PROBLEM DETAILS =>
Pull every line with "Require" from the entries below.

RECORDS FOR THE TASK =>
(* The categories $(\mathcal I_D)_{D}$, where $D$ ranges over all subsemigroups of $(\mathbb N_0,+)$, are pairwise distinct: if $D_1,D_2$ are subsemigroups of $(\mathbb N_0,+)$ with $\mathcal I_{D_1}=\mathcal I_{D_2}$, then $D_1=D_2$.
   Context: A (two-colored) partition $p$ consists of two finite totally ordered sets $U$ (upper row) and $L$ (lower row), a decomposition of the disjoint union $U\sqcup L$ (the points) into non-empty pairwise disjoint blocks, and a coloring of every point by $\circ$ or $\bullet$. A pair partition is one all of whose blocks have two points. Cyclic order and color sum: on the points of $p$ consider the cyclic order obtained by traversing the lower row from left to right, then the upper row from right to left, then returning to the leftmost lower point. For points $\alpha,\beta$, $]\alpha,\beta[$ denotes the points strictly after $\alpha$ and strictly before $\beta$ in this cyclic order, and $]\alpha,\beta]:=]\alpha,\beta[\cup\{\beta\}$ if $\alpha\neq\beta$, $]\alpha,\alpha]:=\emptyset$. The normalized color of a lower point is its color, that of an upper point the opposite color. For a set $S$ of points, $\sigma_p(S)$ is the number of normalized-$\circ$ points in $S$ minus the number of normalized-$\bullet$ points in $S$. Two distinct blocks $B,B'$ cross if there are $\alpha,\beta\in B$, $\gamma,\delta\in B'$ occurring in the cyclic order as $\alpha,\gamma,\beta,\delta$. $\mathcal P^{\circ\bullet}_{2,\mathrm{nb}}$: pair partitions each block of which contains one point of each normalized color. $\mathcal S_0$: those $p\in\mathcal P^{\circ\bullet}_{2,\mathrm{nb}}$ with $\sigma_p(]\alpha,\beta[)=0$ for every block $\{\alpha,\beta\}$. For $p\in\mathcal S_0$ and points $\alpha,\beta$: $\delta_p(\alpha,\beta)=\sigma_p(]\alpha,\beta[)$ if they have different normalized colors, $\sigma_p(]\alpha,\beta])$ otherwise; for blocks $B,B'$, $d_p(B,B'):=|\delta_p(\alpha,\alpha')|$ for any $\alpha\in B,\alpha'\in B'$ (independent of the choice). A subsemigroup of $(\mathbb N_0,+)$ is a (possibly empty) subset closed under addition. $\mathcal I_D$ is the set of all $p\in\mathcal S_0$ such that $d_p(B,B')\notin D$ for all pairs of crossing blocks $B,B'$ of $p$. *)

From mathcomp Require Import all_boot all_order all_algebra.
Set Implicit Arguments. Unset Strict Implicit. Unset Printing Implicit Defensive.
Import Order.TTheory GRing.Theory Num.Theory.

(* A two-colored partition: upper row 'I_nup (points inl i), lower row
   'I_nlo (points inr j), a set of blocks forming a partition (mathcomp's
   [partition]: covers, pairwise disjoint, no empty block) of all points,
   and a coloring; [col x = true] means x is colored white (\circ). *)
Record tpart := TPart {
  nup : nat;
  nlo : nat;
  blk : {set {set ('I_nup + 'I_nlo)}};
  col : ('I_nup + 'I_nlo) -> bool;
  blk_part : partition blk [set: 'I_nup + 'I_nlo]
}.

Definition pt (p : tpart) : finType := ('I_(nup p) + 'I_(nlo p))%type.

(* position in the cyclic order: lower row left to right (0..nlo-1),
   then upper row right to left (nlo .. nlo+nup-1) *)
Definition pos (p : tpart) (x : pt p) : nat :=
  match x with
  | inl i => nlo p + (nup p - 1 - i)
  | inr j => j
  end.

Definition normcol (p : tpart) (x : pt p) : bool :=
  match x with
  | inl _ => ~~ @col p x
  | inr _ => @col p x
  end.

Definition sigma (p : tpart) (S : {set pt p}) : int :=
  (#|[set x in S | normcol x]|%:Z - #|[set x in S | ~~ normcol x]|%:Z)%R.

Definition cyc3 (a b c : nat) : bool :=
  [|| (a < b < c), (b < c < a) | (c < a < b)].

Definition oint (p : tpart) (a b : pt p) : {set pt p} :=
  [set g | cyc3 (pos a) (pos g) (pos b)].

Definition ocint (p : tpart) (a b : pt p) : {set pt p} :=
  if a == b then set0 else b |: oint a b.

Definition pair_nb (p : tpart) : bool :=
  [forall B in blk p, (#|B| == 2) &&
     [exists x in B, exists y in B, normcol x != normcol y]].

Definition S0 (p : tpart) : Prop :=
  pair_nb p /\
  forall B, B \in blk p -> forall a b, a \in B -> b \in B -> a != b ->
    sigma (oint a b) = 0%R.

Definition delta (p : tpart) (a b : pt p) : int :=
  if normcol a != normcol b then sigma (oint a b) else sigma (ocint a b).

Definition dp (p : tpart) (B B' : {set pt p}) : nat :=
  match [pick x in B], [pick y in B'] with
  | Some x, Some y => absz (delta x y)
  | _, _ => 0
  end.

Definition crossing (p : tpart) (B B' : {set pt p}) : Prop :=
  B != B' /\
  exists a b c d, [/\ a \in B, b \in B, c \in B', d \in B' &
    cyc3 (pos a) (pos c) (pos b) && cyc3 (pos b) (pos d) (pos a)].

Definition subsemigroup (D : nat -> Prop) : Prop :=
  forall m n, D m -> D n -> D (m + n).

Definition in_ID (D : nat -> Prop) (p : tpart) : Prop :=
  S0 p /\
  forall B B', B \in blk p -> B' \in blk p -> crossing B B' -> ~ D (dp B B').

(** If [n] is not in the subsemigroup [D], some partition in [I_D] has two
   crossing blocks at distance [n]; for [D = D2] this partition also lies in
   [I_D1], so [n] is not in [D1] either.

   All these partitions have an empty upper row.  Along the lower row the
   normalized colour sum of the points passed so far is a height moving by
   +-1; a point sits at the lower of the two heights around it.  Pairing
   points of equal level and opposite colours gives an element of [S_0] in
   which [d_p] is the difference of levels.  For [n = 0], six alternately
   coloured points each joined to the point three places on give three
   pairwise crossing blocks of level 0.  For [n > 0] the height climbs
   0, n+1, 0, n+1, 0, so each level [L <= n] has four points; they are paired
   across the two mountains if [L = n] or [n - L \in D] and inside each
   mountain otherwise.  Blocks cross only when an across level [L] lies above
   an inside level [L'], and then [L - L' \in D] would give [n - L' \in D];
   levels [0] and [n] do cross. *)

From mathcomp Require Import all_boot all_order all_algebra.
From mathcomp Require Import zify.
From Stdlib Require Import ClassicalEpsilon.
Set Implicit Arguments. Unset Strict Implicit. Unset Printing Implicit Defensive.
Import Order.TTheory GRing.Theory Num.Theory.

Definition crosses_at (p : tpart) (n : nat) : Prop :=
  exists B B', [/\ B \in blk p, B' \in blk p, crossing B B' & dp B B' = n].

Lemma in_ID_crosses_at D p n : in_ID D p -> crosses_at p n -> ~ D n.
Proof. by move=> [_ noD] [B [B' [HB HB' BB' <-]]]; apply: noD. Qed.

Lemma cyc3_neq u v w : cyc3 u v w -> [/\ u != v, v != w & u != w].
Proof. rewrite /cyc3 => H; split; apply/eqP => E; subst; lia. Qed.

Lemma sigma_sum (p : tpart) (S : {set pt p}) :
  sigma S = (\sum_(x in S) if normcol x then 1 else -1)%R.
Proof.
rewrite /sigma (bigID (@normcol p)) /= -!natz -!sumr_const -sumrN.
by congr (_ + _)%R; apply: eq_big => x; rewrite ?inE // => /andP[_]; [move->|move/negbTE->].
Qed.

Lemma sum_nat_pred0 (V : nmodType) m n (P : pred nat) (F : nat -> V) :
  (forall j, m <= j < n -> P j = false) -> (\sum_(m <= j < n | P j) F j = 0)%R.
Proof. by move=> P0; rewrite big_nat_cond big1 // => j /andP[/P0 ->]. Qed.

Lemma sum_nat_predT (V : nmodType) m n (P : pred nat) (F : nat -> V) :
  (forall j, m <= j < n -> P j) ->
  (\sum_(m <= j < n | P j) F j = \sum_(m <= j < n) F j)%R.
Proof.
move=> PT; rewrite big_nat_cond [RHS]big_nat_cond.
by apply: eq_bigl => j; case/boolP: (m <= j < n) => // /PT ->.
Qed.

Section LowerRowPairing.

(* [height x] is the normalized colour sum of the points left of [x], up to
   an additive constant. *)
Variables (N : nat) (white : nat -> bool) (lev height mate : nat -> nat).
Hypothesis height_wrap : height N = height 0.
Hypothesis height_lo : forall x, x < N -> height x = lev x + ~~ white x.
Hypothesis height_hi : forall x, x < N -> height x.+1 = lev x + white x.
Hypothesis mate_lt : forall x, x < N -> mate x < N.
Hypothesis mateK : forall x, x < N -> mate (mate x) = x.
Hypothesis mate_white : forall x, x < N -> white (mate x) = ~~ white x.
Hypothesis mate_lev : forall x, x < N -> lev (mate x) = lev x.

Definition point := ('I_0 + 'I_N)%type.

Definition partner (x : point) : point :=
  if x is inr j then inr (Ordinal (mate_lt (ltn_ord j))) else x.

Lemma partnerK : involutive partner.
Proof. by case=> [//|j] /=; congr inr; apply: val_inj; apply: mateK. Qed.

Lemma mate_neq x : x < N -> mate x != x.
Proof. by move=> lt_xN; apply/eqP => E; move: (mate_white lt_xN); rewrite E; case: (white x). Qed.

Lemma partner_neq (x : 'I_N) : partner (inr x) != inr x.
Proof. by apply: contraNneq (mate_neq (ltn_ord x)) => -[/(congr1 val) /= ->]. Qed.

Definition same_pair (x y : point) : bool := (y == x) || (y == partner x).

Lemma same_pair_equiv : {in [set: point] & &, equivalence_rel same_pair}.
Proof.
move=> x y z _ _ _; split; first by rewrite /same_pair eqxx.
by rewrite /same_pair => /orP[] /eqP->; rewrite ?partnerK // orbC.
Qed.

Definition pairing_col (x : point) : bool := if x is inr j then white j else false.

Definition pairing : tpart :=
  TPart pairing_col (equivalence_partitionP same_pair_equiv).

Lemma pairing_blkP B :
  B \in blk pairing -> exists x : 'I_N, B = [set inr x; partner (inr x)].
Proof.
case/imsetP => -[[]//|x] _ ->; exists x.
by apply/setP => y; rewrite !inE.
Qed.

Lemma pairing_blk_mem (x : 'I_N) : [set inr x; partner (inr x)] \in blk pairing.
Proof.
apply/imsetP; exists (inr x); first by rewrite inE.
by apply/setP => y; rewrite !inE.
Qed.

Lemma mem_pair_lev (x y : 'I_N) :
  (inr y : point) \in [set inr x; partner (inr x)] -> lev y = lev x.
Proof. by rewrite !inE => /orP[] /eqP[->] //=; apply: mate_lev. Qed.

Lemma mem_pair_partner (x : point) u v :
  u \in [set x; partner x] -> v \in [set x; partner x] -> u != v -> v = partner u.
Proof. by rewrite !inE => /orP[] /eqP-> /orP[] /eqP->; rewrite ?eqxx ?partnerK. Qed.

Local Open Scope ring_scope.

Definition step (j : nat) : int := if white j then 1 else -1.

Lemma step_height j : (j < N)%N -> step j = (height j.+1)%:Z - (height j)%:Z.
Proof. by move=> lt_jN; rewrite height_hi // height_lo // /step; case: (white j); lia. Qed.

Lemma sum_step m n : (m <= n <= N)%N ->
  \sum_(m <= j < n) step j = (height n)%:Z - (height m)%:Z.
Proof.
case/andP=> le_mn le_nN.
apply: (telescope_sumr_eq (fun j => (height j)%:Z)) => // j /andP[_ lt_jn].
by apply: step_height; apply: leq_trans le_nN.
Qed.

Lemma sigma_pairing (S : {set pt pairing}) (P : pred nat) :
  (forall j : 'I_N, (inr j \in S) = P j) ->
  sigma S = \sum_(0 <= j < N | P j) step j.
Proof.
move=> SP; rewrite sigma_sum big_sumType big_ord0 Monoid.mul1m big_mkord.
by apply: eq_big => j; rewrite ?SP.
Qed.

Lemma sum_step_cyc3 (a b : nat) : (a < N)%N -> (b < N)%N -> a != b ->
  \sum_(0 <= j < N | cyc3 a j b) step j = (height b)%:Z - (height a.+1)%:Z.
Proof.
move=> lt_aN lt_bN; case: ltngtP => [lt_ab|lt_ba|->]; rewrite ?eqxx // => _.
- rewrite (big_cat_nat (n := a.+1)) // (big_cat_nat (m := a.+1) (n := b)) ?(ltnW lt_bN) //=.
  rewrite (sum_nat_pred0 (m := 0)) => [|j]; last (rewrite /cyc3; lia).
  rewrite (sum_nat_pred0 (m := b)) => [|j]; last (rewrite /cyc3; lia).
  rewrite sum_nat_predT => [|j]; last (rewrite /cyc3; lia).
  by rewrite sum_step ?add0r ?addr0 //; lia.
- rewrite (big_cat_nat (n := b)) ?(ltnW lt_bN) //.
  rewrite (big_cat_nat (m := b) (n := a.+1)) ?(leqW (ltnW lt_ba)) //=.
  rewrite (sum_nat_pred0 (m := b)) => [|j]; last (rewrite /cyc3; lia).
  rewrite (sum_nat_predT (m := 0)) => [|j]; last (rewrite /cyc3; lia).
  rewrite (sum_nat_predT (m := a.+1)) => [|j]; last (rewrite /cyc3; lia).
  by rewrite add0r !sum_step ?height_wrap //; lia.
Qed.

Lemma sigma_oint (a b : 'I_N) : a != b ->
  sigma (oint (inr a : pt pairing) (inr b)) = (height b)%:Z - (height a.+1)%:Z.
Proof.
move=> neq_ab; rewrite (@sigma_pairing _ (fun j => cyc3 a j b)) => [|j]; last by rewrite inE.
exact: sum_step_cyc3.
Qed.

REPLY TO THE EXERCISE =>
From mathcomp Require Import all_boot all_order all_algebra.
From mathcomp Require Import all_boot all_order all_algebra.
From mathcomp Require Import zify.
From Stdlib Require Import ClassicalEpsilon.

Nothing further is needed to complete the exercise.